**Instructions for the task:**
Please give back only the lines below from the one containing "Proof. intros [Hlt" to the one containing "rewrite !Rabs_mult.", each repeated word for word, both ends included.

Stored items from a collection
(* Let $d\ge1$, let $T$ be a $d\times d$ column-stochastic matrix ($T_{ij}\ge0$, $\sum_i T_{ij}=1$ for all $j$), and let $\Phi$ be any quantum channel on $d\times d$ matrices whose classical action is $T$. For each row $i$ write $\sum_{j=1}^d T_{ij}=n_i+a_i$ with $n_i\in\mathbb{Z}_{\ge0}$ and $a_i\in[0,1)$, and define the vector $\mathbf{s}^{(i)}(T)\in\mathbb{R}^{d^2}$ whose first $n_i$ entries equal $1$, whose $(n_i+1)$-th entry equals $a_i$, and whose remaining entries are $0$. Let $\boldsymbol{\mu}^\succ(T)=\frac1d\sum_{i=1}^d\mathbf{s}^{(i)}(T)$. Then $\boldsymbol{\mu}^\succ(T)\succ\boldsymbol{\lambda}(J_\Phi)$.
   Context: Fix an orthonormal basis $\{|i\rangle\}_{i=1}^d$ of $\mathbb{C}^d$, $|\Omega\rangle=\sum_i|ii\rangle$. The Jamio{\l}kowski state of a channel $\Phi$ is $J_\Phi=\frac1d(\Phi\otimes\mathcal{I})(|\Omega\rangle\langle\Omega|)$. The classical action of $\Phi$ is the matrix $T$ with $T_{ij}=\langle i|\Phi(|j\rangle\langle j|)|i\rangle$. $\boldsymbol{\lambda}(X)$ denotes the eigenvalues of a Hermitian $X$ in non-increasing order. For real vectors $x,y$ of equal length $n$, $x\succ y$ means $\sum_{i=1}^k x_i^\downarrow\ge\sum_{i=1}^k y_i^\downarrow$ for all $k=1,\dots,n$, with $x^\downarrow$ the non-increasing rearrangement. *)

From HB Require Import structures.
From mathcomp Require Import all_boot all_order all_algebra.
From mathcomp Require Import reals.
From mathcomp Require Import complex mxtens.
Set Implicit Arguments. Unset Strict Implicit. Unset Printing Implicit Defensive.
Import Order.TTheory GRing.Theory Num.Theory.
Local Open Scope ring_scope.
Local Open Scope sesquilinear_scope.

(* Positive semidefinite: <v, A v> >= 0 for every complex vector v
   (on R[i], "0 <= z" means z is real and nonnegative). *)
Definition psd (R : realType) n (A : 'M[R[i]]_n) : Prop :=
  forall v : 'cV[R[i]]_n, 0 <= (v ^t* *m A *m v) 0 0.

(* The ampliation (Phi (x) id_k) acting on 'M_(d*k), where the index
   p : 'I_(d*k) corresponds to the pair (i,a) = mxtens_unindex p,
   i the system index (acted on by Phi), a the ancilla index. *)
Definition ampl (R : realType) d k (Phi : 'M[R[i]]_d -> 'M[R[i]]_d)
    (X : 'M[R[i]]_(d * k)) : 'M[R[i]]_(d * k) :=
  \matrix_(p, q)
    Phi (\matrix_(i, j) X (mxtens_index (i, (mxtens_unindex p).2))
                          (mxtens_index (j, (mxtens_unindex q).2)))
        (mxtens_unindex p).1 (mxtens_unindex q).1.
(* If $B\ge0.287$, then the maximum of $x\mapsto|\Delta(x+iB)|$ over $x\in[-\tfrac12,\tfrac12]$ is attained at $x=\tfrac12$ (and, by symmetry, at $x=-\tfrac12$).
   Context: $q=e^{2\pi iz}$ and $\Delta(z)=q\prod_{n\ge1}(1-q^n)^{24}$ is the modular discriminant. *)

From Stdlib Require Import Reals.
From Coquelicot Require Import Coquelicot.
Open Scope R_scope.

Definition cexp (w : C) : C := (exp (Re w) * cos (Im w), exp (Re w) * sin (Im w)).

Definition qvar (z : C) : C := cexp (Cmult (RtoC (2 * PI)) (Cmult Ci z)).

Fixpoint eta_partial (q : C) (N : nat) : C :=
  match N with
  | O => RtoC 1
  | S m => Cmult (eta_partial q m) (Cpow (Cminus (RtoC 1) (Cpow q (S m))) 24)
  end.

Definition infprod (q : C) : C :=
  (real (Lim_seq (fun N => fst (eta_partial q N))),
   real (Lim_seq (fun N => snd (eta_partial q N)))).

Definition modDelta (z : C) : C := Cmult (qvar z) (infprod (qvar z)).

(* Write q = r e^{it} with r = e^{-2 pi B} <= 7/40, so that
   |Delta(x + iB)| = r prod_n |1 - q^n|^24; it suffices to show that each partial
   product prod_{n <= N} |1 - q^n|^2 with N >= 3 is largest at t = pi.
   Put u = 1 + cos t in [0, 2].  The first three factors together lose a factor
   1 - 50 r^4 u compared with t = pi (a polynomial inequality in r and u).  For
   n >= 4, cos (n pi) - cos (n t) <= n^2 (1 + cos t) shows that |1 - q^n|^2 gains at
   most a factor 1 + beta_n u, with beta_n = 2 n^2 r^n / (1 - r^4)^2.  These beta_n
   decay geometrically and sum to at most 50 r^4, so the gains never make up for
   the initial loss. *)

From Stdlib Require Import Reals Lia Lra Psatz.
From Coquelicot Require Import Coquelicot.
Open Scope R_scope.

Lemma exp_le_exp (a b : R) : a <= b -> exp a <= exp b.
Proof. intros [Hlt | ->]; [left; apply exp_increasing; exact Hlt | lra]. Qed.

Lemma Rabs_sin_mult_INR_le (n : nat) (y : R) : Rabs (sin (INR n * y)) <= INR n * Rabs (sin y).
Proof.
  induction n as [| n IH].
  - simpl; rewrite Rmult_0_l, sin_0, Rabs_R0; lra.
  - rewrite S_INR, Rmult_plus_distr_r, Rmult_1_l, sin_plus.
    eapply Rle_trans; [apply Rabs_triang |].
    rewrite !Rabs_mult.
    assert (Rabs (cos y) <= 1) by (apply Rabs_le, COS_bound).
    assert (Rabs (cos (INR n * y)) <= 1) by (apply Rabs_le, COS_bound).
    pose proof (Rabs_pos (sin (INR n * y))). pose proof (Rabs_pos (sin y)).
    nra.
Qed.

Lemma one_sub_cos_mult_INR_le (n : nat) (p : R) :
  1 - cos (INR n * p) <= INR n ^ 2 * (1 - cos p).
Proof.
  replace (INR n * p) with (2 * (INR n * (p / 2))) by field.
  replace p with (2 * (p / 2)) at 2 by field.
  rewrite !cos_2a_sin.
  assert (Hsq : sin (INR n * (p / 2)) ^ 2 <= (INR n * Rabs (sin (p / 2))) ^ 2).
  { rewrite <- pow2_abs; apply pow_incr.
    split; [apply Rabs_pos | apply Rabs_sin_mult_INR_le]. }
  rewrite Rpow_mult_distr, pow2_abs in Hsq.
  nra.
Qed.
(* Let $p=(p_1,p_2,p_3,p_4)$ be an ordered quadruple of distinct points of $\partial\mathbf H^2_{\mathbb C}$ and let $(X_1,X_2,A)=\bigl(X(p_1,p_2,p_3,p_4),X(p_1,p_3,p_2,p_4),\mathbb A(p_1,p_2,p_3)\bigr)$. Then some triple $(p_i,p_j,p_k)$, $i<j<k$, lies on a chain if and only if $(X_1,X_2,A)$ belongs to at least one of the sets $\mathbb S_{123},\mathbb S_{124},\mathbb S_{134},\mathbb S_{234}$. Moreover, all four points lie on a common chain if and only if $(X_1,X_2,A)$ belongs to at least two of these sets.
   Context: $\mathbb C^{2,1}$ is $\mathbb C^3$ with Hermitian form $\langle Z,W\rangle=z_1\overline{w}_3+z_2\overline{w}_2+z_3\overline{w}_1$; $\partial\mathbf H^2_{\mathbb C}$ is the set of null lines in $\mathbb P\mathbb C^2$. A chain is the boundary of a complex geodesic (intersection of $\partial\mathbf H^2_{\mathbb C}$ with the projectivization of a 2-dimensional complex subspace of signature $(1,1)$). With null lifts $P_i$: $X(p_1,p_2,p_3,p_4)=\dfrac{\langle P_3,P_1\rangle\langle P_4,P_2\rangle}{\langle P_4,P_1\rangle\langle P_3,P_2\rangle}$, $\mathbb A(p_1,p_2,p_3)=\arg\bigl(-\langle P_1,P_2\rangle\langle P_2,P_3\rangle\langle P_3,P_1\rangle\bigr)$. The Cartan varieties in $\mathbb C^2\times\mathbb R$ are $\mathbb S_{123}=\{\mathrm{Re}(e^{iA})=0\}$, $\mathbb S_{124}=\{\mathrm{Re}(\overline{X}_1e^{iA})=0\}$, $\mathbb S_{134}=\{\mathrm{Re}(\overline{X}_2e^{-iA})=0\}$, $\mathbb S_{234}=\{\mathrm{Re}(X_1\overline{X}_2e^{-iA})=0\}$. *)

From HB Require Import structures.
From mathcomp Require Import all_boot all_order all_algebra.
From mathcomp Require Import complex.
From mathcomp Require Import reals trigo.
Set Implicit Arguments. Unset Strict Implicit. Unset Printing Implicit Defensive.
Import Order.TTheory GRing.Theory Num.Theory ComplexField.
Local Open Scope ring_scope.
Local Open Scope complex_scope.

Section Defs.
Variable R : realType.
Notation C := (R[i]).

(* vectors of C^{2,1} = C^3 *)
Definition vec3 := (C * C * C)%type.
Definition v1 (Z : vec3) : C := Z.1.1.
Definition v2 (Z : vec3) : C := Z.1.2.
Definition v3 (Z : vec3) : C := Z.2.

Definition vscale (c : C) (Z : vec3) : vec3 := (c * v1 Z, c * v2 Z, c * v3 Z).
Definition vadd (Z W : vec3) : vec3 := (v1 Z + v1 W, v2 Z + v2 W, v3 Z + v3 W).

Definition herm (Z W : vec3) : C :=
  v1 Z * (v3 W)^* + v2 Z * (v2 W)^* + v3 Z * (v1 W)^*.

**Exercise answer:**
Proof. intros [Hlt | ->]; [left; apply exp_increasing; exact Hlt | lra]. Qed.

Lemma Rabs_sin_mult_INR_le (n : nat) (y : R) : Rabs (sin (INR n * y)) <= INR n * Rabs (sin y).
Proof.
  induction n as [| n IH].
  - simpl; rewrite Rmult_0_l, sin_0, Rabs_R0; lra.
  - rewrite S_INR, Rmult_plus_distr_r, Rmult_1_l, sin_plus.
    eapply Rle_trans; [apply Rabs_triang |].
    rewrite !Rabs_mult.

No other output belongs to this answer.